> [Stored data]
= = = = = = =
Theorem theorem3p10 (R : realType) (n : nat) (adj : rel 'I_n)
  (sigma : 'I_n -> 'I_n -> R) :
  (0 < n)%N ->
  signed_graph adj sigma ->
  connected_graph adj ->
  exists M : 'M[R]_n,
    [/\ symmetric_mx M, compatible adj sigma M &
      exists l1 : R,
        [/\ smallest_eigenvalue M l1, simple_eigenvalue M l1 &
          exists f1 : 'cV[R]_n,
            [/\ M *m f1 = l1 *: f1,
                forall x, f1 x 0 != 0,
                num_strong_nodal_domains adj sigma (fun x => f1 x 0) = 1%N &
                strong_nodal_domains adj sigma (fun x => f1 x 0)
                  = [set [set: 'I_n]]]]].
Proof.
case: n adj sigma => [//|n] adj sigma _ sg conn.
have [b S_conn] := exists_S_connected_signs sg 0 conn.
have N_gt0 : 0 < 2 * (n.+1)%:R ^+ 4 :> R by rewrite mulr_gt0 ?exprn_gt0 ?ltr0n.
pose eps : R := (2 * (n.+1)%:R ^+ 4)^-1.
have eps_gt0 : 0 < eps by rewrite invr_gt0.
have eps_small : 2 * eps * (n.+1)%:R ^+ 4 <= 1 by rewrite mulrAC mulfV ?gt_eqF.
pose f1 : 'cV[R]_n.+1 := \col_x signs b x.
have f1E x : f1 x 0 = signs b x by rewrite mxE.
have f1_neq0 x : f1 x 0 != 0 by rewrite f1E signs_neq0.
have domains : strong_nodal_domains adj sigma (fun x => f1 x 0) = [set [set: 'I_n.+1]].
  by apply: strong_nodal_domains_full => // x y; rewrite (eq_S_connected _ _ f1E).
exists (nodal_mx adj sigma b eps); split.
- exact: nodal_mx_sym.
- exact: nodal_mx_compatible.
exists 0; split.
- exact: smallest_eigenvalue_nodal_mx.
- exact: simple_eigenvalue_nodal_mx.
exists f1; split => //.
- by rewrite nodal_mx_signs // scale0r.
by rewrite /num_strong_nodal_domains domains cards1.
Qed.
= = = = = = =
In the records above, find every line with the word "sigma" and copy it.

> [YOUR SOLUTION]
  (sigma : 'I_n -> 'I_n -> R) :
  signed_graph adj sigma ->
    [/\ symmetric_mx M, compatible adj sigma M &
                num_strong_nodal_domains adj sigma (fun x => f1 x 0) = 1%N &
                strong_nodal_domains adj sigma (fun x => f1 x 0)
case: n adj sigma => [//|n] adj sigma _ sg conn.
have domains : strong_nodal_domains adj sigma (fun x => f1 x 0) = [set [set: 'I_n.+1]].
exists (nodal_mx adj sigma b eps); split.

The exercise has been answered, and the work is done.